Launched in partnership with Deloitte Access Economics at a media event in Sydney yesterday, the Australian Securities Exchange (ASX) “2017 Australian Investor Study” examined key megatrends and their impact on the Australian investment landscape.

It also explored risk attitudes, the use of diversification among investors as well as their perspective of new forms of technology and innovation such as the growing proliferation of robo-advice tools.

In a survey of 4000 Australian residents, the report found an increasingly do-it-yourself attitude among investors in the way they research and make decisions with 48 per cent relying on internet searches for information and 45 per cent using professional financial advisers.

In addition, 60 per cent of Australians hold investments outside their institutional super fund, with these investments typically comprising cash, property and on-exchange investments.

While the proportion of younger Australians, 18-to-24 year olds, investing has doubled from 10 per cent to 20 per cent over the past five years, the report noted the potential for robo-advice to make advice provisioning “faster and more easily customised” could change the investment landscape further by providing increased convenience and better value for investors.

Speaking to financialobserver, Deloitte Access Economics director Mike Thomas noted the increasingly self-directed nature of retail investors and preference for digital platforms had prompted an archetypal shift in their behavioural demands and attributes – particularly among millennial investors – which had significant implications for the future of advice delivery and provisioning.

“Investors want advice but still want to make the decisions themselves once they have that advice and so if robo-advice is another way of delivering that advice to them, there’s still the next step of them deciding what to do with it,” Thomas said.

While robo-advice was still in its relative infancy in Australia, Thomas noted its disruptive capacity to change how advice was tailored to an individual customer’s needs, receiving it when they want it and in a more accessible manner.

“If robo-advice can be done [well], it [will] save costs on what a traditional adviser might charge but also be available to them 24/7,” Thomas explained.

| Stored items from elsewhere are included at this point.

Lemma leq_card_rel2 (T1 T1' : finType) (A : {pred T1}) (A' : {pred T1'})
    (R : T1 -> T2 -> Prop) (R' : T1' -> T2 -> Prop) :
  (forall x, x \in A -> exists2 y, y \in B & R x y) ->
  (forall x x' y, x \in A -> x' \in A -> R x y -> R x' y -> x = x') ->
  (forall x, x \in A' -> exists2 y, y \in B & R' x y) ->
  (forall x x' y, x \in A' -> x' \in A' -> R' x y -> R' x' y -> x = x') ->
  (forall x x' y, x \in A -> x' \in A' -> R x y -> R' x' y -> False) ->
  #|A| + #|A'| <= #|B|.
Proof.
move=> R_total R_inj R'_total R'_inj disjoint.
have [C <- C_sub] := rel_image R_total R_inj.
have [C' <- C'_sub] := rel_image R'_total R'_inj.
have CC'0 : C :&: C' = set0.
  apply/setP=> y; rewrite !inE; apply/negP=> /andP [/C_sub [_ [x xA Rxy]] /C'_sub [_ [x' x'A R'x'y]]].
  exact: (disjoint x x' y xA x'A Rxy R'x'y).
rewrite -cardsUI CC'0 cards0 addn0.
by apply/subset_leq_card/subsetP => y; rewrite inE => /orP [/C_sub [] | /C'_sub []].
Qed.

End RelationCounting.

Local Notation endpoints w := ('I_(size w).+1 * 'I_(size w).+1)%type.

Definition run_set (w : seq bool) : {pred endpoints w} :=
  [pred x : endpoints w | is_run w x.1 x.2].

Definition nonfinal_runs (w : seq bool) : {pred endpoints w} :=
  [pred x : endpoints w | is_run w x.1 x.2 && (x.2 < size w)].

Arguments run_set : clear implicits.
Arguments nonfinal_runs : clear implicits.

Lemma nruns_card w : nruns w = #|run_set w|.
Proof.
rewrite /nruns pair_big /= -(sum1_card (run_set w)) [RHS]big_mkcond /=.
by apply: eq_bigr => x _; rewrite inE; case: is_run.
Qed.

Lemma card_nonfinal_runs w : #|nonfinal_runs w| <= #|run_set w|.
Proof. by apply/subset_leq_card/subsetP => x; rewrite !inE => /andP []. Qed.

Lemma ord_pair_eq n (x y : 'I_n * 'I_n) : x.1 = y.1 :> nat -> x.2 = y.2 :> nat -> x = y.
Proof. by case: x y => [x1 x2] [y1 y2] /= /val_inj -> /val_inj ->. Qed.

Lemma run_at_run_set w a b p : run_at w a b p ->
  exists2 y : endpoints w, is_run w y.1 y.2 & y.1 = a.+1 :> nat /\ y.2 = b.+1 :> nat.
Proof.
move=> run_ab; have [p_gt0 long in_w _ _ _ _] := run_ab.
have a_lt : a.+1 < (size w).+1 by lia.
have b_lt : b.+1 < (size w).+1 by lia.
by exists (Ordinal a_lt, Ordinal b_lt) => //; apply/is_runP; split=> //; exists p.
Qed.

Lemma card_nonfinal_runs_cat u v :
  #|nonfinal_runs u| + #|nonfinal_runs v| <= #|nonfinal_runs (u ++ v)|.
Proof.
apply: (leq_card_rel2 (A := nonfinal_runs u) (A' := nonfinal_runs v) (B := nonfinal_runs (u ++ v))
  (R := fun (x : endpoints u) (y : endpoints (u ++ v)) => y.1 = x.1 :> nat /\ y.2 = x.2 :> nat)
  (R' := fun (x : endpoints v) (y : endpoints (u ++ v)) => y.2 = size u + x.2 :> nat /\
           if x.1 == 1 :> nat then (y.1 <= size u + 1 : Prop) else y.1 = size u + x.1 :> nat)).
- move=> [x1 x2]; rewrite inE /= => /andP [/is_runP [x1_gt0 [p run_x]] x2_lt].
  have [p_gt0 long _ _ _ _ _] := run_x.
  have [y y_run [y1 y2]] := run_at_run_set (run_at_catl v run_x ltac:(lia)).
  by exists y; [rewrite inE y_run /= y2 size_cat | ]; lia.
- by move=> x x' y _ _ [? ?] [? ?]; apply: ord_pair_eq; lia.
- move=> [x1 x2]; rewrite inE /= => /andP [/is_runP [x1_gt0 [p run_x]] x2_lt].
  have [p_gt0 long _ _ _ _ _] := run_x.
  case: eqP => [x1_eq1 | x1_ne1].
  + have [a' a'_le run_uv] := run_at_catr_extend u run_x.
    have [y y_run [y1 y2]] := run_at_run_set run_uv.
    by exists y; [rewrite inE y_run /= y2 size_cat | ]; lia.
  + have [y y_run [y1 y2]] := run_at_run_set (run_at_catr u run_x ltac:(lia)).
    by exists y; [rewrite inE y_run /= y2 size_cat | ]; lia.
- move=> x x' y; rewrite !inE => /andP [/is_runP [? _] _] /andP [/is_runP [? _] _].
  move=> [y2 y1] [y2' y1']; apply: ord_pair_eq; last lia.
  by move: y1 y1'; do 2!(case: eqP => ?); lia.
- by move=> x x' y; rewrite !inE => /andP [_ ?] _ [? ?] [? _]; lia.
Qed.

Definition periodic_extension (w : seq bool) (p c : nat) : seq bool :=
  mkseq (fun t => nth false w (size w - p + t %% p)) c.

Lemma periodic_on_cat_extension w x a p :
  periodic_on (w ++ x) a (size (w ++ x)).-1 p -> 0 < p -> a + p <= size w ->
  x = periodic_extension w p (size x).
Proof.
move=> per_p p_gt0 ap_le; apply: (@eq_from_nth _ false); first by rewrite size_mkseq.
move=> t; elim/ltn_ind: t => t IH t_lt; rewrite nth_mkseq //.
have -> : nth false x t = nth false (w ++ x) (size w + t - p).
  rewrite -(nth_catr w) (per_p (size w + t - p)) ?size_cat; try lia.
  by congr nth; lia.
case: (ltnP t p) => [t_lt_p | t_ge_p].
- by rewrite nth_catl ?modn_small //; [congr nth | ]; lia.
- have -> : size w + t - p = size w + (t - p) by lia.
  rewrite nth_catr IH ?nth_mkseq; try lia.
  by rewrite -[(t - p) %% p](modnDr _ p) subnK.
Qed.

Lemma card_run_set_le_nonfinal_cat w x :
  (forall p, 0 < p <= size w -> x != periodic_extension w p (size x)) ->
  #|run_set w| <= #|nonfinal_runs (w ++ x)|.
Proof.
move=> x_aperiodic.
apply: (leq_card_rel (A := run_set w) (B := nonfinal_runs (w ++ x)) (R := fun (z : endpoints w) (y : endpoints (w ++ x)) => y.1 = z.1 :> nat /\
  if z.2 == size w :> nat then (size w <= y.2 : Prop) else y.2 = z.2 :> nat)).
- move=> [z1 z2]; rewrite inE /= => /is_runP [z1_gt0 [p run_z]].
  have [p_gt0 long in_w _ _ _ _] := run_z.
  case: eqP => [z2_last | z2_nlast].
  + have [b' b'_range run_b'] := run_at_catl_extend x run_z.
    have [y y_run [y1 y2]] := run_at_run_set run_b'.
    exists y; last lia.
    rewrite inE y_run /= y2; apply: contraT; rewrite -leqNgt => b'_last.
    have per_end : periodic_on (w ++ x) z1.-1 (size (w ++ x)).-1 p.
      by have := run_periodic run_b'; have -> : b' = (size (w ++ x)).-1 by lia.
    have x_ext := periodic_on_cat_extension per_end p_gt0 ltac:(lia).
    by have := x_aperiodic p ltac:(lia); rewrite -x_ext eqxx.
  + have [y y_run [y1 y2]] := run_at_run_set (run_at_catl x run_z ltac:(lia)).
    by exists y; [rewrite inE y_run /= y2 size_cat | ]; lia.
- move=> z z' y; rewrite !inE => /is_runP [_ [p run_z]] /is_runP [_ [p' run_z']].
  have := run_in_word run_z; have := run_in_word run_z'.
  move=> ? ? [y1 y2] [y1' y2']; apply: ord_pair_eq; first lia.
  by move: y2 y2'; do 2!(case: eqP => ?); lia.
Qed.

“It’s an area where people are still feeling their way a bit, obviously [the industry is] wanting to have the right legal safeguards with all of this [digital advice] technology but it’s certainly something that looks likely to grow and will continue to grow in the foreseeable future.”

The survey also found that young investors were typically more risk-averse with 81 per cent of investors under 35 seeking guaranteed or stable investment returns, while 41 per cent of investors over the age of 55 were comfortable with some variability in their returns.